Pendant Hydroxy Polyethylene Reactive Additives for Improved Mechanical Properties and Melt Processability of Poly(ethylene terephthalate)/Polyethylene Blends

Reactive compatibilization is an attractive solution to improve the mechanical properties of polymer blends that inherently result from plastic recycling processes. In this study, pendant hydroxy polyethylene reactive additives were synthesized through ring-opening metathesis polymerization (ROMP) and their ability to compatibilize poly(ethylene terephthalate) (PET)/polyethylene blends through reactive compatibilization was evaluated.

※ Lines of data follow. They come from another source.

Lemma adjF_sub (Vs : {set V}) (S : {set F}) : adj Vs S \subset Vs.
Proof. by apply/subsetP => v; rewrite inE => /andP[]. Qed.

Lemma adjFS (Vs : {set V}) (S T : {set F}) : S \subset T -> adj Vs S \subset adj Vs T.
Proof.
move=> sST; apply/subsetP => v; rewrite !inE => /andP[-> /existsP[f /andP[fS Evf]]].
by apply/existsP; exists f; rewrite (subsetP sST).
Qed.

Lemma adjF0 (Vs : {set V}) : adj Vs set0 = set0.
Proof. by apply/setP => v; rewrite !inE; apply/andP => -[_ /existsP[f]]; rewrite inE. Qed.

Lemma adjFU (Vs : {set V}) (S T : {set F}) : adj Vs (S :|: T) = adj Vs S :|: adj Vs T.
Proof.
apply/eqP; rewrite eqEsubset subUset.
rewrite (adjFS Vs (subsetUl S T)) (adjFS Vs (subsetUr S T)) !andbT.
apply/subsetP => v; rewrite !inE => /andP[-> /existsP[f /andP[]]].
by rewrite inE => /orP[] fST Evf; apply/orP; [left | right]; apply/existsP; exists f; rewrite fST.
Qed.

Lemma adjF_setD (Vs X : {set V}) (S : {set F}) : adj (Vs :\: X) S = adj Vs S :\: X.
Proof. by apply/setP => v; rewrite !inE andbA. Qed.

Lemma graph_self_containedP (Vs : {set V}) (Fs : {set F}) :
  reflect (#|Fs| = #|Vs| /\ forall T : {set F}, T \subset Fs -> #|T| <= #|adj Vs T|)
          (gsc Vs Fs).
Proof.
apply: (iffP andP) => [[/eqP eqFV /and3P[_ _ /forallP hall]] | [eqFV hall]].
  by split=> // T; apply/implyP.
rewrite {1}eqFV eqxx /self_contained subxx eqn_leq hall // eqFV.
rewrite subset_leq_card ?adjF_sub //=.
by split=> //; apply/forallP => T; apply/implyP/hall.
Qed.

Lemma exists_minimal_self_contained (Vs : {set V}) (Fs S : {set F}) :
  S != set0 -> sc Vs Fs S -> exists S', msc Vs Fs S'.
Proof.
move=> S_neq0 scS.
have [|T /andP[T_neq0 scT] minT] :=
  @arg_minnP _ S (fun T => (T != set0) && sc Vs Fs T) (fun T => #|T|).
  by rewrite S_neq0.
exists T; rewrite /minimal_self_contained T_neq0 scT /=.
apply/forallP => T'; apply/implyP => /andP[T'_neq0 ltT'T]; apply/negP => scT'.
by have := minT T'; rewrite T'_neq0 scT' leqNgt (proper_card ltT'T) => /(_ isT).
Qed.

Section SelfContainedGraph.
Variables (Vs : {set V}) (Fs : {set F}).
Hypothesis gscVF : gsc Vs Fs.

Lemma self_containedI (S1 S2 : {set F}) : sc Vs Fs S1 -> sc Vs Fs S2 ->
  sc Vs Fs (S1 :&: S2) /\ adj Vs S1 :&: adj Vs S2 = adj Vs (S1 :&: S2).
Proof.
have /graph_self_containedP[_ hall] := gscVF.
move=> /and3P[S1F /eqP c1 _] /and3P[S2F /eqP c2 _].
have IF : S1 :&: S2 \subset Fs by rewrite subIset ?S1F.
have UF : S1 :|: S2 \subset Fs by rewrite subUset S1F.
have le_cup := hall _ UF; rewrite adjFU in le_cup.
have le_cap := hall _ IF.
have sub_cap : adj Vs (S1 :&: S2) \subset adj Vs S1 :&: adj Vs S2.
  by rewrite subsetI !adjFS ?subsetIl ?subsetIr.
have := cardsUI S1 S2; have := cardsUI (adj Vs S1) (adj Vs S2).
have := subset_leq_card sub_cap => *.
have eq_cap : #|S1 :&: S2| = #|adj Vs (S1 :&: S2)| by lia.
split; last by apply/esym/eqP; rewrite eqEcard sub_cap; lia.
rewrite /self_contained IF eq_cap eqxx /=.
by apply/forallP => T; apply/implyP => TI; apply/hall/(subset_trans TI).
Qed.

Lemma minimal_self_contained_disjoint (S1 S2 : {set F}) :
  msc Vs Fs S1 -> msc Vs Fs S2 -> S1 != S2 ->
  S1 :&: S2 = set0 /\ adj Vs S1 :&: adj Vs S2 = set0.
Proof.
move=> /and3P[_ sc1 /forallP min1] /and3P[_ sc2 /forallP min2] S1_neq_S2.
have [scI eq_adj] := self_containedI sc1 sc2.
suff I0 : S1 :&: S2 = set0 by rewrite eq_adj I0 adjF0.
apply/eqP; apply: contraNT S1_neq_S2 => I_neq0.
have eq1 : S1 :&: S2 = S1.
  apply/eqP; have := min1 (S1 :&: S2).
  by rewrite I_neq0 scI properEneq subsetIl andbT implybF negbK.
have eq2 : S1 :&: S2 = S2.
  apply/eqP; have := min2 (S1 :&: S2).
  by rewrite I_neq0 scI properEneq subsetIr andbT implybF negbK.
by rewrite -[S1]eq1 eq2.
Qed.

End SelfContainedGraph.

Lemma graph_self_contained_setD (Vs : {set V}) (Fs S : {set F}) :
  gsc Vs Fs -> sc Vs Fs S -> gsc (Vs :\: adj Vs S) (Fs :\: S).
Proof.
move=> /graph_self_containedP[eqFV hall] /and3P[SF /eqP cS _].
apply/graph_self_containedP; split; first by rewrite !cardsDS ?adjF_sub // eqFV cS.
move=> T; rewrite subsetD => /andP[TF disjTS].
have UF : T :|: S \subset Fs by rewrite subUset TF.
have TS0 : T :&: S = set0 by apply/eqP; rewrite setI_eq0.
have := hall _ UF; rewrite adjFU adjF_setD.
have := cardsUI T S; have := cardsUI (adj Vs T) (adj Vs S).
have := cardsD (adj Vs T) (adj Vs S); rewrite TS0 cards0; lia.
Qed.

Section Removal.
Variables (Vs : {set V}) (Fs S1 S2 : {set F}).
Hypotheses (disjS : S1 :&: S2 = set0) (disj_adj : adj Vs S1 :&: adj Vs S2 = set0).

Lemma adjF_setD_disjoint (T : {set F}) : T \subset S2 -> adj (Vs :\: adj Vs S1) T = adj Vs T.
Proof.
move=> TS2; rewrite adjF_setD; apply/setDidPl.
by rewrite -setI_eq0 -subset0 -disj_adj setIC setIS ?adjFS.
Qed.

Lemma self_contained_setD (T : {set F}) : S2 \subset Fs -> T \subset S2 ->
  sc (Vs :\: adj Vs S1) (Fs :\: S1) T = sc Vs Fs T.
Proof.
move=> S2F TS2; have TF := subset_trans TS2 S2F.
have TFS1 : T \subset Fs :\: S1.
  by rewrite subsetD TF -setI_eq0 -subset0 -disjS setIC setIS.
rewrite /self_contained adjF_setD_disjoint // TFS1 TF; congr [&& _, _ & _].
apply: eq_forallb => T'; case: (boolP (T' \subset T)) => //= T'T.
by rewrite adjF_setD_disjoint // (subset_trans T'T TS2).
Qed.

Lemma minimal_self_contained_setD : S2 \subset Fs ->
  msc (Vs :\: adj Vs S1) (Fs :\: S1) S2 = msc Vs Fs S2.
Proof.
move=> S2F; rewrite /minimal_self_contained self_contained_setD //; congr [&& _, _ & _].
apply: eq_forallb => T; case: (boolP (T \proper S2)) => [ltTS2 | _]; last by rewrite !andbF.
by rewrite self_contained_setD // proper_sub.
Qed.

End Removal.

Definition next_state (st : state V F) (S : {set F}) : state V F :=
  let C := new_cluster E st S in
  State (st_V st :\: adj (st_V st) S) (st_F st :\: S) (C |: st_clusters st)
        (st_edges st :|: [set (inl v, C) | v in adj setT S :\: adj (st_V st) S]).

Lemma stepP (st st' : state V F) :
  step E st st' <-> exists2 S, msc (st_V st) (st_F st) S & st' = next_state st S.
Proof. by split=> [[S [mS ->]] | [S mS ->]]; exists S. Qed.

Lemma next_stateC (st : state V F) (S1 S2 : {set F}) :
  adj (st_V st) S1 :&: adj (st_V st) S2 = set0 ->
  next_state (next_state st S1) S2 = next_state (next_state st S2) S1.
Proof.
move=> disj_adj; have disj_adj' : adj (st_V st) S2 :&: adj (st_V st) S1 = set0.
  by rewrite setIC.
rewrite /next_state /new_cluster /= (adjF_setD_disjoint disj_adj (subxx _)).
rewrite (adjF_setD_disjoint disj_adj' (subxx _)).
by rewrite !setDDl setUC [S2 :|: _]setUC setUCA setUAC.
Qed.

Lemma step_self_contained (st st' : state V F) :
  gsc (st_V st) (st_F st) -> step E st st' -> gsc (st_V st') (st_F st').
Proof. by move=> gst /stepP[S /and3P[_ scS _] ->]; apply: graph_self_contained_setD. Qed.

Lemma step_card (st st' : state V F) : step E st st' -> #|st_F st'| < #|st_F st|.
Proof.
move=> /stepP[S /and3P[S_neq0 /and3P[SF _ _] _] ->] /=.
rewrite -card_gt0 in S_neq0; rewrite cardsDS //; have := subset_leq_card SF; lia.
Qed.

Lemma null_state_stuck (st st' : state V F) : null_state st -> ~ step E st st'.
Proof.
move=> [_ F0] /stepP[S /and3P[S_neq0 /and3P[SF _ _] _] _].
by move: SF; rewrite F0 subset0 (negbTE S_neq0).
Qed.

Lemma step_progress (st : state V F) :
  gsc (st_V st) (st_F st) -> null_state st \/ exists st', step E st st'.
Proof.
move=> gst; have [F0 | F_neq0] := eqVneq (st_F st) set0.
  left; split=> //; have /graph_self_containedP[eqFV _] := gst.
  by apply/eqP; rewrite -cards_eq0 -eqFV F0 cards0.
right; have /andP[_ scF] := gst.
have [S mS] := exists_minimal_self_contained F_neq0 scF.
by exists (next_state st S); apply/stepP; exists S.
Qed.

Lemma step_diamond (st st1 st2 : state V F) : gsc (st_V st) (st_F st) ->
  step E st st1 -> step E st st2 -> st1 = st2 \/ exists2 st3, step E st1 st3 & step E st2 st3.
Proof.
move=> gst /stepP[S1 m1 ->] /stepP[S2 m2 ->].
have [-> | S1_neq_S2] := eqVneq S1 S2; [by left | right].
have [disjS disj_adj] := minimal_self_contained_disjoint gst m1 m2 S1_neq_S2.
have S1F : S1 \subset st_F st by case/and3P: m1 => _ /and3P[].
have S2F : S2 \subset st_F st by case/and3P: m2 => _ /and3P[].
exists (next_state (next_state st S1) S2).
  by apply/stepP; exists S2; rewrite ?minimal_self_contained_setD.
rewrite next_stateC //; apply/stepP; exists S1 => //.
by rewrite minimal_self_contained_setD // setIC.
Qed.

Let sc_state (st : state V F) := gsc (st_V st) (st_F st).

Lemma steps_self_contained (st st' : state V F) : gsc (st_V st) (st_F st) ->
  clos_refl_trans (step E) st st' -> gsc (st_V st') (st_F st').
Proof. exact: (clos_rt_invariant (P := sc_state) step_self_contained). Qed.

Lemma run_completes (st : state V F) : gsc (st_V st) (st_F st) ->
  exists2 st', clos_refl_trans (step E) st st' & null_state st'.
Proof. exact: (exists_final (P := sc_state) step_self_contained step_card step_progress). Qed.

Lemma run_output_unique (st st1 st2 : state V F) : gsc (st_V st) (st_F st) ->
  clos_refl_trans (step E) st st1 -> clos_refl_trans (step E) st st2 ->
  null_state st1 -> null_state st2 -> st1 = st2.
Proof.
exact: (final_unique (P := sc_state) step_self_contained step_card null_state_stuck
  step_progress step_diamond).
Qed.

Lemma reachableP (W : {set V}) (st : state V F) :
  reachable E W st <-> clos_refl_trans (step E) (initial_state F W) st.
Proof.
split.
  by elim=> [|st1 st2 _ IH s12]; [exact: rt_refl | exact: rt_trans IH (rt_step s12)].
move=> /clos_rt_rtn1_iff; elim=> [|st1 st2 s12 _ IH]; first exact: reach_init.
exact: reach_step IH s12.
Qed.

End CausalOrdering.

Theorem theorem4 (V F : finType) (E : V -> F -> bool) (W : {set V})
  (Hsc : graph_self_contained E (~: W) [set: F]) :
  (* well-defined: at every iteration the current graph has a minimal
     self-contained set *)
  (forall st : state V F, reachable E W st -> ~ null_state st ->
     exists S : {set F}, minimal_self_contained E (st_V st) (st_F st) S) /\
  (* some run reaches completion *)
  (exists st : state V F, reachable E W st /\ null_state st) /\
  (* uniqueness of the output *)
  (forall st1 st2 : state V F, reachable E W st1 -> reachable E W st2 ->
     null_state st1 -> null_state st2 ->
     st_clusters st1 = st_clusters st2 /\ st_edges st1 = st_edges st2).
Proof.
have sc_reachable st : reachable E W st -> graph_self_contained E (st_V st) (st_F st).
  by move=> /reachableP; apply: steps_self_contained.
split; [|split].
- move=> st /sc_reachable/step_progress[// | [st' /stepP[S mS _]]] _.
  by exists S.
- have [st /reachableP reach_st null_st] := run_completes (st := initial_state F W) Hsc.
  by exists st.
- move=> st1 st2 /reachableP r1 /reachableP r2 n1 n2.
  by rewrite (run_output_unique _ r1 r2 n1 n2).
Qed.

The ROMP synthesis strategy enabled the deconvolution of the effects of overall number-average molar mass (M_n) and average molar mass between reactive hydroxy groups (M_g) on compatibilization effectiveness. The results of this study suggest a near-optimal M_g ∼ 1 kg/mol where the strain at break (ε_b) of the blend with 1 wt % additive is increased significantly (ε_b ∼ 280%) over the neat blend without the additive (ε_b ∼ 16%), independent of M_n. Near-optimal M_g additives were effective at industrially relevant reaction times of 5–10 min, at loadings as low as 0.5 wt %, and in blends containing one of two different types of PET, suggesting their versatility and commercial applicability. Extensional viscosity was characterized and melt strain hardening (MSH) was observed to be highly dependent on the viscosity ratio between the matrix and dispersed phases, which is a function of temperature. When MSH is present, we show that reactive compatibilizers capable of forming branched reaction products offer an improvement to the MSH, compared to linear analogues. These findings suggest that branched compatibilizers may be advantageous for melt processability of compatibilized recyclates in processes dominated by strong extensional flows, such as film blowing, foaming, and thermoforming.